Füffi: Als Künstler muss man immer viel zurückstecken. Aber egal, ob Künstler, Freigeist oder Querdenker. Das sind alles anstrengende Persönlichkeiten, die kaum einer mag, weswegen sie automatisch mit viel mehr Ablehnung konfrontiert werden als andere Teile der Gesellschaft. Wenn du dich dann noch obendrein deinem Talent komplett widmest, dann wirst du andere Bereiche zwangsläufig vernachlässigen und sie ein Stück weit aufopfern. Da wird es dann auch interessant, wie viel Verständnis deine Freunde und dein Partner dafür haben oder ob du am Ende dadurch auch langjährige Begleiter irgendwann verlierst. Deswegen gehört da eine sehr hohe Aufopferungsbereitschaft dazu. Aber wie hoch sie sein muss, muss jeder für sich entscheiden. Ich für meinen Teil würde nie auf Leute scheißen, die mich supporten. 

bb21: Wie ergänzt dein Job als Grafiker deine Leidenschaft zum Rap?

Füffi: Gar nicht, deswegen habe ich ihn auch gekündigt.

 

bb21: Der Sound der Platte ist sehr stringent. Hast du da mit einem Produzenten zusammengearbeitet?
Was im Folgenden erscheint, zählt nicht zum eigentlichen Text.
(* Let $K$ be a field, $A=\{\alpha_1,\dots,\alpha_m\}\subset K$, $B=\{\beta_1,\dots,\beta_n\}\subset K$ finite sets with $|A|=m$, $|B|=n$, $f=\prod_{i}(x-\alpha_i)$, $g=\prod_j(x-\beta_j)$, and let $x$ be an indeterminate. Let $0\le k\le\min\{m-1,n-1\}$. Let $M_F$ be the $(m+1)\times(m+1)$ matrix whose columns are indexed by $c\in(\alpha_1,\dots,\alpha_m,x)$ (in this order), and whose column indexed by $c$ is $$\big(g(c)c^{m-k-1},\,g(c)c^{m-k-2},\dots,g(c),\,c^{k},\,c^{k-1},\dots,c,\,1\big)^T;$$ similarly let $M_G$ be the $(n+1)\times(n+1)$ matrix with columns indexed by $c\in(\beta_1,\dots,\beta_n,x)$, the column indexed by $c$ being $\big(f(c)c^{n-k-1},\dots,f(c),\,c^{k},\dots,1\big)^T$. Then $$F_k(f,g)=(-1)^{m-k}\frac{\det M_F}{\det V(\alpha_1,\dots,\alpha_m,x)},\qquad G_k(f,g)=(-1)^{(m-k-1)(n-k)}\frac{\det M_G}{\det V(\beta_1,\dots,\beta_n,x)}.$$ In particular $F_k(f,g)$ and $G_k(f,g)$ are symmetric polynomials in $A\cup\{x\}$ and $B\cup\{x\}$ respectively.
   Context: For $c=(c_1,\dots,c_\ell)$, $V(c)$ is the $\ell\times\ell$ Vandermonde matrix whose $i$-th column is $(c_i^{\ell-1},\dots,c_i,1)^T$, so $\det V(c)=\prod_{1\le i<j\le \ell}(c_i-c_j)$. Write $f=\sum_{i=0}^m f_ix^i$, $g=\sum_{i=0}^ng_ix^i$ with $f_i=g_i=0$ outside the natural ranges. For $0\le k\le\min\{m-1,n-1\}$ consider the $(m+n-2k)\times(m+n-2k)$ matrices with rows indexed by $(f,j)$, $j=n-k-1,\dots,0$, followed by $(g,j)$, $j=m-k-1,\dots,0$, whose first $m+n-2k-1$ entries in row $(f,j)$ (resp. $(g,j)$) are the coefficients of $x^{m+n-k-1},\dots,x^{k+1}$ in $x^jf$ (resp. $x^jg$). $F_k(f,g)(x)$ is the determinant of such a matrix with last entry $x^j$ in rows $(f,j)$ and $0$ in rows $(g,j)$; $G_k(f,g)(x)$ is the determinant with last entry $0$ in rows $(f,j)$ and $x^j$ in rows $(g,j)$. *)

From HB Require Import structures.
From mathcomp Require Import all_boot all_order all_algebra.
From mathcomp Require Import fraction.
Set Implicit Arguments. Unset Strict Implicit. Unset Printing Implicit Defensive.
Import GRing.Theory.
Local Open Scope ring_scope.

Definition vdm (R : nzRingType) (l : nat) (c : 'I_l -> R) : 'M[R]_l :=
  \matrix_(r < l, i < l) c i ^+ (l.-1 - r).

(* Rows i < n-k are (f, j) with j = n-k-1-i; rows i >= n-k are (g, j) with
   j = m+n-2k-1-i (so j runs m-k-1, ..., 0). *)
Definition subres_mx (K : fieldType) (m n k : nat) (f g : {poly K})
    (lastf lastg : nat -> {poly K}) : 'M[{poly K}]_(m + n - 2 * k) :=
  \matrix_(i < m + n - 2 * k, c < m + n - 2 * k)
    if (i < n - k)%N then
      (if (c < (m + n - 2 * k).-1)%N
       then ((f * 'X^(n - k - 1 - i))`_(m + n - k - 1 - c))%:P
       else lastf (n - k - 1 - i)%N)
    else
      (if (c < (m + n - 2 * k).-1)%N
       then ((g * 'X^(m + n - 2 * k - 1 - i))`_(m + n - k - 1 - c))%:P
       else lastg (m + n - 2 * k - 1 - i)%N).

Definition Fk (K : fieldType) (m n k : nat) (f g : {poly K}) : {poly K} :=
  \det (subres_mx m n k f g (fun j => 'X^j) (fun _ => 0)).

Definition Gk (K : fieldType) (m n k : nat) (f g : {poly K}) : {poly K} :=
  \det (subres_mx m n k f g (fun _ => 0) (fun j => 'X^j)).

Definition pts_x (K : fieldType) (l : nat) (c : 'I_l -> K) (j : 'I_l.+1)
  : {poly K} :=
  if (j < l)%N =P true is ReflectT h then (c (Ordinal h))%:P else 'X.

Definition Mmat (K : fieldType) (l k : nat) (h : {poly K}) (c : 'I_l -> K)
  : 'M[{poly K}]_l.+1 :=
  \matrix_(r < l.+1, j < l.+1)
    let p := pts_x c j in
    if (r < l - k)%N then (h \Po p) * p ^+ (l - k - 1 - r) else p ^+ (l - r).

Notation "x %:F" := (@FracField.tofrac _ x).

From HB Require Import structures.
From mathcomp Require Import all_boot all_order all_algebra.
From mathcomp Require Import fingroup perm fraction.
From mathcomp Require Import zify ring.
Set Implicit Arguments. Unset Strict Implicit. Unset Printing Implicit Defensive.
Import GRing.Theory.
Local Open Scope ring_scope.

(* Border the matrix of F_k with k+1 unit rows for the monomials x^k, ..., 1:
   the resulting square matrix S of size n-k+m+1 has determinant F_k.  Let E
   be the matrix whose first n-k columns read off the coefficients of
   x^(m+n-k-1), ..., x^m of a row of S, and whose column indexed by a point
   p in (alpha_1, ..., alpha_m, x) evaluates the row polynomial at p and adds
   -f(p) times its last entry.  A row (f, j) of S is then sent to
   p^j f(p) - x^j f(p), which vanishes since p is a root of f or p = x.
   Hence S E is block lower triangular, with a unitriangular block (f is monic
   of degree m) and the block M_F, while det E = (-1)^(m-k) det V.  Finally
   G_k(f, g) is F_k(g, f) up to a cyclic permutation of the rows. *)

Definition slotted_desc (R : Type) (p top : nat) (a : nat -> R) (u : R)
    (c : nat) : R :=
  if (c < p)%N then a (top - c)%N else if c == p then u else a (top.+1 - c)%N.

Lemma slotted_desc_bump (R : Type) p top (a : nat -> R) u i :
  slotted_desc p top a u (bump p i) = a (top - i)%N.
Proof.
rewrite /slotted_desc /bump; case: (ltnP i p) => hi; first by rewrite add0n hi.
rewrite add1n subSS; have -> : (i.+1 < p)%N = false by lia.
by have -> : (i.+1 == p) = false by lia.
Qed.

Lemma sum_slotted_desc (R : comPzRingType) (L p : nat) (a b : nat -> R)
    (u v : R) : (p < L)%N ->
  \sum_(c < L) slotted_desc p L.-2 a u c * slotted_desc p L.-2 b v c =
  u * v + \sum_(d < L.-1) a d * b d.
Proof.
move=> lt_pL; rewrite (bigD1_ord (Ordinal lt_pL)) //=.
rewrite {1 2}/slotted_desc ltnn eqxx; congr (_ + _).
under eq_bigr do rewrite !slotted_desc_bump.
rewrite (reindex_inj rev_ord_inj) /=; apply: eq_bigr => i _.
have lt_iL := ltn_ord i.
by have -> : (L.-2 - (L.-1 - i.+1) = i)%N by lia.
Qed.

Lemma det_castmx (R : comPzRingType) n1 n2 (e : n1 = n2) (A : 'M[R]_n1) :
  \det (castmx (e, e) A) = \det A.
Proof. by case: n2 / e; rewrite castmx_id. Qed.

Lemma comp_polyE_widen (R : comNzRingType) (p q : {poly R}) M :
  (size p <= M)%N -> p \Po q = \sum_(d < M) (p`_d)%:P * q ^+ d.
Proof.
move=> le_pM; rewrite comp_polyE (big_ord_widen M (fun i => p`_i *: q ^+ i) le_pM).
rewrite big_mkcond /=; apply: eq_bigr => i _.
case: ifP => lt_ip; first by rewrite mul_polyC.
by rewrite nth_default ?mul0r // leqNgt lt_ip.
Qed.

Definition rot_rows (R : Type) (p a : nat) (A : 'M[R]_p.+1) : 'M[R]_p.+1 :=
  \matrix_(i, j) A (inord ((i + a) %% p.+1)) j.

Lemma det_rot_rows1 (R : comPzRingType) p (A : 'M[R]_p.+1) :
  \det (rot_rows 1 A) = (-1) ^+ p * \det A.
Proof.
rewrite (expand_det_row _ ord_max) (expand_det_row A 0) mulr_sumr.
apply: eq_bigr => j _.
have -> : rot_rows 1 A ord_max j = A 0 j.
  by rewrite mxE /= addn1 modnn; congr (A _ _); apply: val_inj; rewrite /= inordK.
rewrite [RHS]mulrCA; congr (_ * _).
rewrite /cofactor exprD -!mulrA add0n; congr (_ * (_ * \det _)).
apply/matrixP => r c; rewrite !mxE; congr (A _ _); apply: val_inj.
have lt_rp := ltn_ord r.
rewrite /= /bump leqNgt lt_rp add0n inordK ?ltn_pmod // modn_small ?addn1 //.
Qed.

Lemma det_rot_rows (R : comPzRingType) p a (A : 'M[R]_p.+1) :
  \det (rot_rows a A) = (-1) ^+ (a * p) * \det A.
Proof.
elim: a => [|a IHa].
  rewrite mul0n expr0 mul1r; congr (\det _); apply/matrixP => i j; rewrite mxE.
  by congr (A _ _); apply: val_inj; rewrite /= addn0 modn_small // inordK.
have -> : rot_rows a.+1 A = rot_rows 1 (rot_rows a A).
  apply/matrixP => i j; rewrite !mxE; congr (A _ _); apply: val_inj.
  by rewrite /= !inordK ?ltn_pmod // modnDml addn1 addSnnS.
by rewrite det_rot_rows1 IHa mulrA -exprD mulSn addnC.
Qed.

Lemma sign_pred_mul (R : pzRingType) e : (-1) ^+ (e.-1 * e) = 1 :> R.
Proof. by rewrite -signr_odd oddM; case: e => //= e; rewrite andbN. Qed.

Lemma det_vdm_neq0 (R : idomainType) l (c : 'I_l -> R) :
  injective c -> \det (vdm c) != 0.
Proof.
move=> inj_c.
have -> : vdm c = row_perm (perm (@rev_ord_inj l)) (Vandermonde l (\row_i c i)).
  by apply/matrixP => i j; rewrite !mxE permE /=; congr (_ ^+ _); lia.
rewrite row_permE det_mulmx det_perm det_Vandermonde mulf_neq0 ?signr_eq0 //.
apply/prodf_neq0 => i _; apply/prodf_neq0 => j lt_ij; rewrite !mxE subr_eq0.
by apply/eqP => /inj_c eq_ji; move: lt_ij; rewrite eq_ji ltnn.
Qed.

Lemma pts_x_inj (K : fieldType) m (alpha : 'I_m -> K) :
  injective alpha -> injective (pts_x alpha).
Proof.
move=> inj_a i j; rewrite /pts_x; case: eqP => hi; case: eqP => hj.
- by move/polyC_inj/inj_a => [eq_ij]; apply: val_inj.
- by move=> eqX; have := size_polyC_leq1 (alpha (Ordinal hi)); rewrite eqX size_polyX.
- by move=> eqX; have := size_polyC_leq1 (alpha (Ordinal hj)); rewrite -eqX size_polyX.
- by move=> _; apply: ord_inj; have := ltn_ord i; have := ltn_ord j; lia.
Qed.

Lemma comp_pts_x_root (K : fieldType) m (alpha : 'I_m -> K) (f : {poly K}) j :
  (forall i, root f (alpha i)) -> f \Po pts_x alpha j = 0 \/ pts_x alpha j = 'X.
Proof.
move=> root_f; rewrite /pts_x; case: eqP => hj; last by right.
by left; rewrite comp_polyCr (rootP (root_f _)).
Qed.

Section BorderedSubresultant.

Variables (K : fieldType) (m n k : nat) (alpha : 'I_m -> K) (f : {poly K}).
Hypotheses (lt_km : (k < m)%N) (lt_kn : (k < n)%N).
Hypotheses (monic_f : f \is monic) (size_f : size f = m.+1).
Hypothesis root_f : forall i, root f (alpha i).

Local Notation N := (m + n - 2 * k)%N.
Local Notation L := (n - k + m.+1)%N.
Local Notation top := (m + n - k - 1)%N.
Local Notation V := (vdm (pts_x alpha)).

Lemma coef_f_deg : f`_m = 1.
Proof. by move/monicP: monic_f; rewrite lead_coefE size_f. Qed.

Definition eval_pt (s : nat) : {poly K} :=
  pts_x alpha (inord (s - (n - k)) : 'I_m.+1).

Definition eval_coef (s d : nat) : {poly K} :=
  if (s < n - k)%N then (d == (top - s)%N)%:R else eval_pt s ^+ d.

Definition eval_last (s : nat) : {poly K} :=
  if (s < n - k)%N then 0 else - (f \Po eval_pt s).

Definition eval_mx : 'M[{poly K}]_L :=
  \matrix_(c < L, s < L) slotted_desc N.-1 top (eval_coef s) (eval_last s) c.

Lemma eval_pt_shift (j : 'I_m.+1) : eval_pt (n - k + j) = pts_x alpha j.
Proof. by rewrite /eval_pt addKn inord_val. Qed.

Lemma lt_pivot : (m - k - 1 < m.+1)%N. Proof. lia. Qed.
Local Notation pivot := (Ordinal lt_pivot).

Lemma drsub_eval_lift (r : 'I_m) (t : 'I_m.+1) :
  drsubmx eval_mx (lift pivot r) t = V (lift 0 r) t.
Proof.
rewrite !mxE /= /slotted_desc /eval_coef /bump /=.
rewrite (_ : (n - k + t < n - k)%N = false) ?eval_pt_shift; last by lia.
have lt_rm := ltn_ord r; case: (ltnP r (m - k - 1)) => le_r.
  by rewrite add0n ifT; [congr (_ ^+ _) | ]; lia.
by rewrite -[(true + r)%N]/(r.+1) !ifF; [congr (_ ^+ _); lia | lia..].
Qed.

Lemma drsub_eval_pivot (t : 'I_m.+1) :
  drsubmx eval_mx pivot t = - (f \Po pts_x alpha t).
Proof.
rewrite !mxE /= /slotted_desc /eval_last /=.
rewrite (_ : (n - k + t < n - k)%N = false) ?eval_pt_shift; last by lia.
by rewrite ifF ?ifT //; lia.
Qed.

Lemma cofactor_drsub_eval (t : 'I_m.+1) :
  cofactor (drsubmx eval_mx) pivot t = (-1) ^+ (m - k - 1) * cofactor V 0 t.
Proof.
rewrite /cofactor /= add0n exprD -mulrA; congr (_ * (_ * \det _)).
by apply/matrixP => r c; rewrite [LHS]mxE [LHS]mxE [RHS]mxE [RHS]mxE drsub_eval_lift.
Qed.

Lemma comp_f_vdm (t : 'I_m.+1) :
  f \Po pts_x alpha t = \sum_(r < m.+1) (f`_(m - r))%:P * V r t.
Proof.
rewrite (comp_polyE_widen _ (eq_leq size_f)) (reindex_inj rev_ord_inj) /=.
by apply: eq_bigr => r _; rewrite mxE /=; congr (_ * _ ^+ _); lia.
Qed.

(* Expand along the pivot row: f(p) is a combination of the rows of V with
   coefficient f_m = 1 on the first one, and row r of V is orthogonal to the
   cofactors of row 0 unless r = 0. *)
Lemma det_drsub_eval : \det (drsubmx eval_mx) = (-1) ^+ (m - k) * \det V.
Proof.
rewrite (expand_det_row _ pivot).
under eq_bigr do rewrite drsub_eval_pivot cofactor_drsub_eval comp_f_vdm.
have adj_row r : \sum_(t < m.+1) V r t * cofactor V 0 t = \det V *+ (r == 0).
  have := mul_mx_adj V; move/matrixP/(_ r 0); rewrite !mxE => <-.
  by apply: eq_bigr => t _; rewrite /adjugate (mxE adjugate_key).
transitivity (- (-1) ^+ (m - k - 1) *
    \sum_(r < m.+1) (f`_(m - r))%:P * (\det V *+ (r == 0))).
  under eq_bigr => t _ do rewrite mulNr mulr_suml -sumrN.
  rewrite exchange_big mulr_sumr /=; apply: eq_bigr => r _.
  rewrite -adj_row !mulr_sumr; apply: eq_bigr => t _; ring.
rewrite (bigD1 0) //= big1 ?addr0 => [|r /negPf ->]; last by rewrite mulr0n mulr0.
rewrite subn0 coef_f_deg mul1r mulr1n [in RHS](_ : m - k = (m - k - 1).+1)%N.
  by rewrite exprS mulN1r.
lia.
Qed.

Lemma det_eval_mx : \det eval_mx = (-1) ^+ (m - k) * \det V.
Proof.
rewrite -[eval_mx]submxK.
have dl_E : dlsubmx eval_mx = 0.
  apply/matrixP => i j; have lt_i := ltn_ord i; have lt_j := ltn_ord j.
  rewrite !mxE /= /slotted_desc /eval_coef /eval_last /= lt_j.
  case: ifP => lt_iN.
    by have -> : (top - (n - k + i) == top - j)%N = false by lia.
  case: ifP => // ne_iN.
  by have -> : (top.+1 - (n - k + i) == top - j)%N = false by lia.
have ul_E : ulsubmx eval_mx = 1%:M.
  apply/matrixP => i j; have lt_i := ltn_ord i; have lt_j := ltn_ord j.
  rewrite !mxE /= /slotted_desc /eval_coef /= lt_j ifT; last by lia.
  suff -> : (top - i == top - j)%N = (i == j) by [].
  by apply/eqP/eqP => [eq_ij|->]; [apply: ord_inj|]; lia.
by rewrite dl_E det_ublock ul_E det1 mul1r det_drsub_eval.
Qed.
Füffi: Ich arbeite immer mit Yunis zusammen, der mittlerweile auch hier in Berlin lebt. In Amerika checken auch sehr viele seinen Sound, wo er auch Festivals spielt und auf anderen Veranstaltungen gebucht wird. In Deutschland tritt er lustigerweise dagegen überhaupt nicht auf. Jedenfalls ist er einfach unglaublich krass. Immer wenn ich denke, der Beat ist schon zu heftig, macht er ihn einfach noch krasser. Yunis ist einfach ein Genie.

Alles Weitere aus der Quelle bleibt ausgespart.